A aparência exterior monolítica é-nos apresentada de uma forma exacta, totalmente perceptível no seu conjunto. Trata-se de um grande paralelipípedo forrado a madeira pontuado por aberturas que ora nos deixam antever o interior ora expelem a luz para o exterior. No entanto, esta aparente simplicidade volumétrica exterior revela uma enorme riqueza a nível dos espaços interiores da casa. (Aqui interessa realçar que quando pensamos a habitação unifamiliar há que ir para além do óbvio. Não querendo com isto dizer que devemos complicar, muito pelo contrário, devemos partir de esquemas simples de funcionamento e transpô-los para o espaço de forma a gerar uma maior riqueza espacial que contribua para o bem-estar dos seus habitantes.)

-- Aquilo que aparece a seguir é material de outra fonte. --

(* Let $d_{\text{m}}\ge 1$, $1\le r\le d_{\text{m}}$, and $\boldsymbol{W}_{\text{qk},i}\in\mathbb{R}^{d_{\text{m}}\times d_{\text{m}}}$. Let $\boldsymbol{x}_{\text{q}}$ and $\boldsymbol{x}_{\text{kv}}$ be independent random row vectors in $\mathbb{R}^{d_{\text{m}}}$ with distributions $\mathbb{X}_\text{q}$, $\mathbb{X}_\text{kv}$ having finite second moments, such that the autocorrelation matrices $\boldsymbol{R}_{\mathbb{X}_\text{q}\mathbb{X}_\text{q}}:=\mathbb{E}\{\boldsymbol{x}_{\text{q}}^T\boldsymbol{x}_{\text{q}}\}$ and $\boldsymbol{R}_{\mathbb{X}_\text{kv}\mathbb{X}_\text{kv}}:=\mathbb{E}\{\boldsymbol{x}_{\text{kv}}^T\boldsymbol{x}_{\text{kv}}\}$ are positive definite, with unique symmetric square roots $\boldsymbol{R}_{\mathbb{X}_\text{q}\mathbb{X}_\text{q}}^{1/2}$, $\boldsymbol{R}_{\mathbb{X}_\text{kv}\mathbb{X}_\text{kv}}^{1/2}$. Consider the problem $$\operatorname{arg\,min}_{\widetilde{\boldsymbol{W}}_{\text{qk},i}}\ \mathbb{E}\left\{\left(\boldsymbol{x}_{\text{q}}(\boldsymbol{W}_{\text{qk},i}-\widetilde{\boldsymbol{W}}_{\text{qk},i})\boldsymbol{x}_{\text{kv}}^T\right)^2\right\}\quad\text{s.t.}\quad\operatorname{rank}(\widetilde{\boldsymbol{W}}_{\text{qk},i})=r.$$ Then an optimal solution is $$\widetilde{\boldsymbol{W}}_{\text{qk},i}=\left(\boldsymbol{R}_{\mathbb{X}_\text{q}\mathbb{X}_\text{q}}^{1/2}\right)^{-1}\mathrm{SVD}_r\!\left(\boldsymbol{R}_{\mathbb{X}_\text{q}\mathbb{X}_\text{q}}^{1/2}\boldsymbol{W}_{\text{qk},i}\boldsymbol{R}_{\mathbb{X}_\text{kv}\mathbb{X}_\text{kv}}^{1/2}\right)\left(\boldsymbol{R}_{\mathbb{X}_\text{kv}\mathbb{X}_\text{kv}}^{1/2}\right)^{-1}.$$
   Context: $\mathrm{SVD}_r(\boldsymbol{M})$ denotes the truncated SVD: if $\boldsymbol{M}=\boldsymbol{U}\boldsymbol{\Sigma}\boldsymbol{V}^T$ is a singular value decomposition with singular values in decreasing order, then $\mathrm{SVD}_r(\boldsymbol{M})=\boldsymbol{U}_{:,:r}\boldsymbol{\Sigma}_{:r,:r}\boldsymbol{V}^T_{:r,:}$. Here $\boldsymbol{W}_{\text{qk},i}=\boldsymbol{W}_{\text{q},i}\boldsymbol{W}_{\text{k},i}^T$ is the fused query/key weight of attention head $i$, and the objective is the expected squared error of the pre-softmax attention score $\boldsymbol{x}_{\text{q}}\boldsymbol{W}_{\text{qk},i}\boldsymbol{x}_{\text{kv}}^T$. Vectors are row vectors. *)

From HB Require Import structures.
From mathcomp Require Import all_boot all_order all_algebra.
From mathcomp Require Import all_classical all_reals all_analysis.
Set Implicit Arguments. Unset Strict Implicit. Unset Printing Implicit Defensive.
Import Order.TTheory GRing.Theory Num.Theory.
Local Open Scope classical_set_scope.
Local Open Scope ring_scope.

(* A random row vector in R^n on a probability space T is given by its
   n real coordinates X i : T -> R.  The row vector at outcome t: *)
Definition rvec {T : Type} {R : realType} {n : nat} (X : 'I_n -> T -> R) (t : T)
  : 'rV[R]_n := \row_i X i t.

Definition rvec_measurable {d} {T : measurableType d} {R : realType} {n : nat}
  (X : 'I_n -> T -> R) : Prop := forall i, measurable_fun setT (X i).

Definition finite_second_moments {d} {T : measurableType d} {R : realType}
  (P : probability T R) {n : nat} (X : 'I_n -> T -> R) : Prop :=
  forall i, P.-integrable setT (fun t => ((X i t) ^+ 2)%:E).

(* Independence of two random vectors: the joint law on product rectangles
   (a pi-system generating the Borel sigma-algebra of R^n x R^n) factorises. *)
Definition indep_rvec {d} {T : measurableType d} {R : realType}
  (P : probability T R) {n : nat} (X Y : 'I_n -> T -> R) : Prop :=
  forall A B : 'I_n -> set R,
    (forall i, measurable (A i)) -> (forall j, measurable (B j)) ->
    P ((\bigcap_i (X i @^-1` A i)) `&` (\bigcap_j (Y j @^-1` B j)))
    = (P (\bigcap_i (X i @^-1` A i)) * P (\bigcap_j (Y j @^-1` B j)))%E.

Definition autocorr {d} {T : measurableType d} {R : realType}
  (P : probability T R) {n : nat} (X : 'I_n -> T -> R) : 'M[R]_n :=
  \matrix_(i, j) Rintegral P setT (fun t => X i t * X j t).

Definition attn_err {d} {T : measurableType d} {R : realType}
  (P : probability T R) {n : nat} (Xq Xkv : 'I_n -> T -> R) (W Wt : 'M[R]_n) : R :=
  Rintegral P setT
    (fun t => ((rvec Xq t *m (W - Wt) *m (rvec Xkv t)^T) 0 0) ^+ 2).

Definition posdef {R : realType} {n : nat} (A : 'M[R]_n) : Prop :=
  A^T = A /\ forall v : 'rV[R]_n, v != 0 -> 0 < (v *m A *m v^T) 0 0.

Definition is_svd {R : realType} {n : nat} (M U V : 'M[R]_n) (s : 'rV[R]_n) : Prop :=
  [/\ U^T *m U = 1%:M, V^T *m V = 1%:M,
      (forall j, 0 <= s 0 j),
      (forall i j : 'I_n, (i <= j)%N -> s 0 j <= s 0 i)
    & M = U *m diag_mx s *m V^T].

(* SVD_r(M) = U_{:,:r} Sigma_{:r,:r} V^T_{:r,:} for the SVD (U, s, V). *)
Definition svd_trunc {R : realType} {n r : nat} (H : (r <= n)%N)
  (U V : 'M[R]_n) (s : 'rV[R]_n) : 'M[R]_n :=
  colsub (widen_ord H) U *m diag_mx (\row_(j < r) s 0 (widen_ord H j))
    *m rowsub (widen_ord H) V^T.

From HB Require Import structures.
From mathcomp Require Import all_boot all_order all_algebra.
From mathcomp Require Import all_classical all_reals all_analysis.
From mathcomp Require Import measurable_realfun.
From mathcomp Require Import lra ring.
Import Order.TTheory GRing.Theory Num.Theory.
Local Open Scope classical_set_scope.
Local Open Scope ring_scope.
(* Let $n\ge1$ and $z\in\{1,\dots,n+1\}$. Let $v_{n,z}=(a_1,\dots,a_n)$ with $a_i=z+1-i$ for $i<z$ and $a_i=1$ for $i\ge z$, and $v^{n,z}=(b_1,\dots,b_n)$ with $b_i=1$ for $i<z$ and $b_i=i+2-z$ for $i\ge z$. Then $v_{n,z}$ and $v^{n,z}$ realize the same triangulation except for one anti-clockwise rotation: the triangulation $F(v^{n,z})$ is obtained from $F(v_{n,z})$ by replacing every vertex label $l$ by $l-1$ (and the label $0$ by $n+2$).
   Context: A Dyck path of length $2N$ is a word in $U,D$ with $N$ of each letter such that every prefix has at least as many $U$'s as $D$'s; $\mathfrak{D}_{2N}$ is their set. For $G\in\mathfrak{D}_{2(n+1)}$ let $m_i$ be the number of $U$'s before the $i$-th $D$; $G$ is encoded by $v_G=(m_1-0,m_2-1,\dots,m_n-(n-1))$. For $u=(u_1,\dots,u_m)\in\mathbb{N}^m$ and $1\le i\le m$, $T_i(u)$ is defined by: $r_0=u_i$; while some $l\in\{1,\dots,i\}$ has $r_k-u_l>0$, let $l_k$ be the largest such $l$ and $r_{k+1}=r_k-u_{l_k}$; if this stops at $r_t$ after $t\ge0$ steps, $T_i(u)=r_t+t$. For $u\in\mathbb{N}^n$, $f(u)$ is the Dyck path $G\in\mathfrak{D}_{2(n+1)}$ with $v_G=(T_1(u),\dots,T_n(u))$. For $G\in\mathfrak{D}_{2(n+1)}$ let $\lambda_G=(\lambda_1,\dots,\lambda_n)$, where $\lambda_i$ is the number of $D$'s before the $(n+2-i)$-th $U$ in $G$. The triangulation $g(G)$ of the polygon with vertices labelled $0,1,\dots,n+2$ is built as follows: for $i=1,\dots,n$, in the current polygon (with $n+4-i$ vertices labelled consecutively $0,1,\dots,n+3-i$) draw the diagonal between the vertices labelled $\lambda_i$ and $\lambda_i+2$, delete the vertex labelled $\lambda_i+1$ (cutting off a triangle), and relabel the remaining polygon consecutively: vertices with label $\le\lambda_i$ keep their labels, and each vertex with label $j+1>\lambda_i+1$ receives label $j$. The drawn diagonals, expressed in the original labels $0,\dots,n+2$, form $g(G)$. Finally $F=g\circ f$. Example: $G=UDUDUUDD$ ($n=3$) has $\lambda_G=(2,2,1)$ and $g(G)=\{\{2,4\},\{2,5\},\{1,5\}\}$. *)

From mathcomp Require Import all_boot.
Set Implicit Arguments. Unset Strict Implicit. Unset Printing Implicit Defensive.

(* Dyck paths are words over bool: true = U, false = D. *)

(* The map T_i.  [pre] = (u_1,...,u_i), r = current value r_k, t = step count k.
   A step picks the largest l <= i with r - u_l > 0, i.e. u_l < r. *)
Fixpoint Tloop (fuel : nat) (pre : seq nat) (r t : nat) : nat :=
  match fuel with
  | 0 => r + t
  | f.+1 =>
      if has (fun x => x < r) pre
      then Tloop f pre (r - last 0 [seq x <- pre | x < r]) t.+1
      else r + t
  end.

(* T_i(u), for 1 <= i <= size u.  Fuel u_i + 1 suffices whenever the
   iteration terminates, in particular when all entries of u are >= 1. *)
Definition Tmap (i : nat) (u : seq nat) : nat :=
  let ui := nth 0 u i.-1 in Tloop ui.+1 (take i u) ui 0.

Fixpoint path_of_m (prev : nat) (m : seq nat) : seq bool :=
  match m with
  | [::] => [::]
  | mi :: ms => nseq (mi - prev) true ++ false :: path_of_m mi ms
  end.

(* The Dyck path G in D_{2(n+1)} with v_G = v  (n = size v):
   m_i = v_i + (i-1) for i <= n, and m_{n+1} = n+1. *)
Definition path_of_v (v : seq nat) : seq bool :=
  let n := size v in
  path_of_m 0 (rcons [seq nth 0 v i + i | i <- iota 0 n] n.+1).

Definition fmap (u : seq nat) : seq bool :=
  path_of_v [seq Tmap i u | i <- iota 1 (size u)].

Definition D_before_kth_U (w : seq bool) (k : nat) : nat :=
  let pos := nth 0 [seq j <- iota 0 (size w) | nth false w j] k.-1 in
  count negb (take pos w).

Definition lambda_of (n : nat) (G : seq bool) : seq nat :=
  [seq D_before_kth_U G (n + 2 - i) | i <- iota 1 n].

(* Cutting-ear process: [poly] lists the original labels of the current
   polygon's vertices in the order of their current labels 0,1,2,... *)
Fixpoint gsteps (lams : seq nat) (poly : seq nat) : seq (nat * nat) :=
  match lams with
  | [::] => [::]
  | l :: ls => (nth 0 poly l, nth 0 poly l.+2)
                 :: gsteps ls (take l.+1 poly ++ drop l.+2 poly)
  end.

(* g(G) for G in D_{2(n+1)}: list of diagonals (in original labels 0..n+2) *)
Definition gmap (n : nat) (G : seq bool) : seq (nat * nat) :=
  gsteps (lambda_of n G) (iota 0 (n + 3)).

Definition Fmap (u : seq nat) : seq (nat * nat) := gmap (size u) (fmap u).

Definition mem_diag (T : seq (nat * nat)) (x y : nat) : bool :=
  ((x, y) \in T) || ((y, x) \in T).

Definition v_low (n z : nat) : seq nat :=
  [seq (if i < z then z + 1 - i else 1) | i <- iota 1 n].
Definition v_up (n z : nat) : seq nat :=
  [seq (if i < z then 1 else i + 2 - z) | i <- iota 1 n].

Definition relabel (n l : nat) : nat := if l == 0 then n + 2 else l.-1.

Definition relabel_tri (n : nat) (T : seq (nat * nat)) : seq (nat * nat) :=
  [seq (relabel n d.1, relabel n d.2) | d <- T].

(* T fixes v_{n,z}, whose entries never exceed the earlier ones, while on
   v^{n,z} it gives 1 before position z and 2 from there on (at most one
   subtraction step, by the preceding entry).  So the two Dyck paths have heights
   m_j = max(z, j) and m_j = j + [z <= j <= n], and counting the D's before each
   U gives lambda = (n, ..., z, 0, ..., 0) and (n-1, ..., z-1, z-1, ..., 1).
   Cutting ears along a decreasing run of lambda draws a fan to the vertex just
   after the run, and a run of zeros draws a fan from vertex 0.  Hence
   F(v_{n,z}) = {j, n+2} (z <= j <= n) + {0, i} (2 <= i <= z) and
   F(v^{n,z}) = {j, n+1} (z-1 <= j <= n-1) + {j, n+2} (1 <= j <= z-1),
   and l |-> l-1 maps the first onto the second. *)

From mathcomp Require Import all_boot zify.
Lemma depth_upto_redirect n x : reach l x ->
  depth_upto (G := I) n (redirect psi x) <= depth_upto n (psi x).
Proof.
elim: n x => // n IHn x lx; rewrite /redirect.
case lab_x: (lab x) => [f|]; last by rewrite depth_upto_inr.
rewrite /= (hom_psi lx lab_x).2 !big_map; apply/bigmax_leqP_seq => y xy _.
apply: leq_trans (leq_bigmax_seq _ xy isT); rewrite ltnS.
exact: IHn (connect_trans lx (connect1 xy)).
Qed.

Lemma depth_redirect x : reach l x -> depth (G := I) (redirect psi x) <= depth (psi x).
Proof.
move=> lx; apply: leq_trans (depth_upto_redirect _ lx) _.
by rewrite depth_uptoE // (leq_trans (max_card _)) // card_sum leq_addl.
Qed.

End Instantiation.

Lemma rank_gap_lt (e n d : nat) :
  e * ((1 + e) ^ (2 * n) * (1 + e * d)) < (1 + e) ^ (2 * n.+1) * (1 + d).
Proof.
have X_gt0 : 0 < (1 + e) ^ (2 * n) by rewrite expn_gt0.
rewrite mulnS expnD expnS expn1; nia.
Qed.

Section RootRewrite.
Variables (S : signature) (P : precedence S) (K : lgraph S) (l r : node K)
  (GL : lgraph S) (rootL : node GL) (psi : node K -> node GL) (ell : nat).
Hypotheses (wfK : lgraph_wf K) (wfGL : lgraph_wf GL) (basic_l : basic l)
  (hom_psi : hom l psi) (psi_l : psi l = rootL) (nrm_rootL : tg_nrm rootL)
  (pt_rl : pt P r l).
Notation I := (inst psi).
Local Notation R := (rk_at P l).
Local Notation D := (\sum_(u | u \in nrm rootL) depth u).

Lemma constr_tg_args u : u \in att l -> constr_tg u.
Proof. exact: basic_l.2. Qed.

Lemma lab_rootL : lab rootL = lab l.
Proof. by have [f lab_l _] := basic_l.1; rewrite -psi_l lab_l (hom_psi (reach_refl l) lab_l).1. Qed.

Lemma att_rootL : att rootL = map psi (att l).
Proof. by have [f lab_l _] := basic_l.1; rewrite -psi_l (hom_psi (reach_refl l) lab_l).2. Qed.

Lemma succ_at_rootL Q : succ_at Q rootL = map psi (succ_at Q l).
Proof. exact: succ_at_map lab_rootL (arity_okW wfK l) att_rootL. Qed.

Lemma rootL_not_constr : ~~ constr_tg rootL.
Proof.
apply/negP => /forallP/(_ rootL); rewrite reach_refl lab_rootL /=.
by have [f -> def_f] := basic_l.1; rewrite /= def_f.
Qed.

Lemma constr_tg_nrm_rootL u : u \in nrm rootL -> constr_tg u.
Proof. by case: nrm_rootL rootL_not_constr => [v -> //|v Nv _ _]; apply: Nv. Qed.

Definition below_args (k : node K) : Prop := exists2 u, u \in att l & reach u k.

Lemma below_args_att k x : below_args k -> x \in att k -> below_args x.
Proof. by case=> u lu uk kx; exists u => //; apply: connect_trans uk (connect1 kx). Qed.

Lemma nrm_below_args k : below_args k -> nrm k = [::].
Proof.
case=> u lu uk; have := constr_tg_lab (constr_tg_args lu) uk.
by case lab_k: (lab k) => [f|] Cf; [apply: nrm_constr lab_k Cf|rewrite /nrm /succ_at lab_k].
Qed.
(* Let $(W,S)$ be a finitely generated Coxeter system and $u<v$ in $W$. The number of elements $u'$ covering $u$ in the interval $[u,v]$ equals $|\mathrm{Des}(v^{S(u)})|$.
   Context: $(W,S)$ is a finitely generated Coxeter system with length function $\ell$. For $w\in W$, $S(w)\subseteq S$ is the set of simple reflections appearing in a (any) reduced expression of $w$, and $\mathrm{Des}(w)=\{s\in S:\ell(ws)<\ell(w)\}$. For $I\subseteq S$, $W_I$ is the parabolic subgroup generated by $I$, $X_I=\{u\in W:\ell(us)>\ell(u)\ \forall s\in I\}$, and every $w\in W$ factors uniquely as $w=w^Iw_I$ with $w^I\in X_I$, $w_I\in W_I$ (parabolic components along $I$). The partial order on $W$: $u\le v$ iff $v_{S(u)}=u$. *)

From mathcomp Require Import ssreflect ssrfun ssrbool eqtype ssrnat seq choice fintype finset.
From Stdlib Require Import ClassicalEpsilon.
From Stdlib Require List.

Set Implicit Arguments.
Unset Strict Implicit.
Unset Printing Implicit Defensive.

Fixpoint gpow (G : Type) (mul : G -> G -> G) (one : G) (x : G) (n : nat) : G :=
  match n with 0 => one | n'.+1 => mul x (gpow mul one x n') end.

Definition is_group (G : Type) (mul : G -> G -> G) (one : G) (inv : G -> G) :=
  [/\ forall x y z, mul x (mul y z) = mul (mul x y) z,
      forall x, mul one x = x, forall x, mul x one = x,
      forall x, mul (inv x) x = one & forall x, mul x (inv x) = one].
Lemma poly_eq0_notin (C : numFieldType) (p : {poly C}) (s : seq C) :
  (forall z, z \notin s -> p.[z] = 0) -> p = 0.
Proof.
move=> p_eq0; set q := p * \prod_(x <- s) ('X - x%:P).
have q_eq0 : q = 0.
  apply: (@roots_geq_poly_eq0 _ q [seq i%:R | i <- iota 0 (size q)]).
  - apply/allP => z _; rewrite /root hornerM horner_prod mulf_eq0.
    have [z_s|/p_eq0 ->] := boolP (z \in s); last by rewrite eqxx.
    rewrite prodf_seq_eq0; apply/orP; right; apply/hasP.
    by exists z; rewrite //= hornerXsubC subrr.
  - by rewrite map_inj_uniq ?iota_uniq // => m m' /eqP; rewrite eqr_nat => /eqP.
  - by rewrite size_map size_iota.
move/eqP: q_eq0; rewrite mulf_eq0 => /orP[/eqP //|].
by rewrite (negPf (monic_neq0 (monic_prod_XsubC _ _ _))).
Qed.

Lemma coefM_low_zero (R : nzRingType) (p q : {poly R}) M :
  (forall e, (e < M)%N -> p`_e = 0) -> (p * q)`_M = p`_M * q`_0.
Proof.
move=> p_low; rewrite coefM big_ord_recr /= subnn big1 ?add0r // => e _.
by rewrite p_low ?mul0r.
Qed.

Lemma low_coef_zero_mulr (R : idomainType) (p q : {poly R}) M :
  q`_0 != 0 -> (forall e, (e < M)%N -> (p * q)`_e = 0) ->
  forall e, (e < M)%N -> p`_e = 0.
Proof.
move=> q0; elim: M => [//|M IH] pq_low.
have {}IH : forall e, (e < M)%N -> p`_e = 0.
  by apply: IH => e' lt_e'M; apply: pq_low; rewrite ltnW.
move=> e; rewrite ltnS leq_eqVlt => /orP[/eqP-> | /IH //].
have := pq_low M (ltnSn M); rewrite (coefM_low_zero _ IH).
by move/eqP; rewrite mulf_eq0 (negPf q0) orbF => /eqP.
Qed.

Refiro isto porque nesta obra, apesar da forma exterior ser compacta e facilmente perceptível, o interior é tratado com uma grande dinâmica de forma a gerar espaços interessantes e harmoniosos. A partir de um esquema de funcionamento bastante simples e comum, os arquitectos abordaram o desenho da casa sempre tendo em conta a terceira dimensão, indo para lá do desenho em planta. Ora, claro está que ao olharmos para as plantas apercebemos directamente as diferentes áreas e a forma de organização da casa: o piso inferior é composto por três elementos, a zona de garagem, as áreas de cozinha, banho, entrada e circulações verticais e a grande área de sala sem definição de zonas de uso; o piso superior segue a métrica do anterior e define áreas de quartos com uma circulação central transversal. Nada de novo, é um desenho bastante claro e funcional. No entanto é a partir daqui que eu entendo que a casa começa a ganhar maior valor. Através de uma definição esquemática dos volumes que compõem o interior, os arquitectos partem deste paralelipípedo e recortam-no de forma a gerar novas situações espaciais. Definem deste modo uma organização espacial do
open-space da sala através das zonas de dupla altura que ao permitirem novas entradas de luz, definem “espaços-núcleo” organizando o programa da sala e tornam toda esta área mais rica e definida.

Ainda aquilo que gostaria de destacar é a forma de materialização dos espaços interiores e do exterior do edifício. Através de uma construção simples e económica de betão armado isolado termicamente em ambas as faces, a pele exterior é construída através de placas de madeira dispostas em escama de forma a anularem juntas visíveis, permitindo que tanto a chuva como a neve não penetrem no interior da parede. Os interiores são tratados de forma bastante contida, sendo revestidos na sua totalidade a gesso cartonado pintado de branco onde ainda no piso inferior é definido um lambrim de madeira dando continuação ao soalho do chão gerando uma sensação de conforto através presença deste material.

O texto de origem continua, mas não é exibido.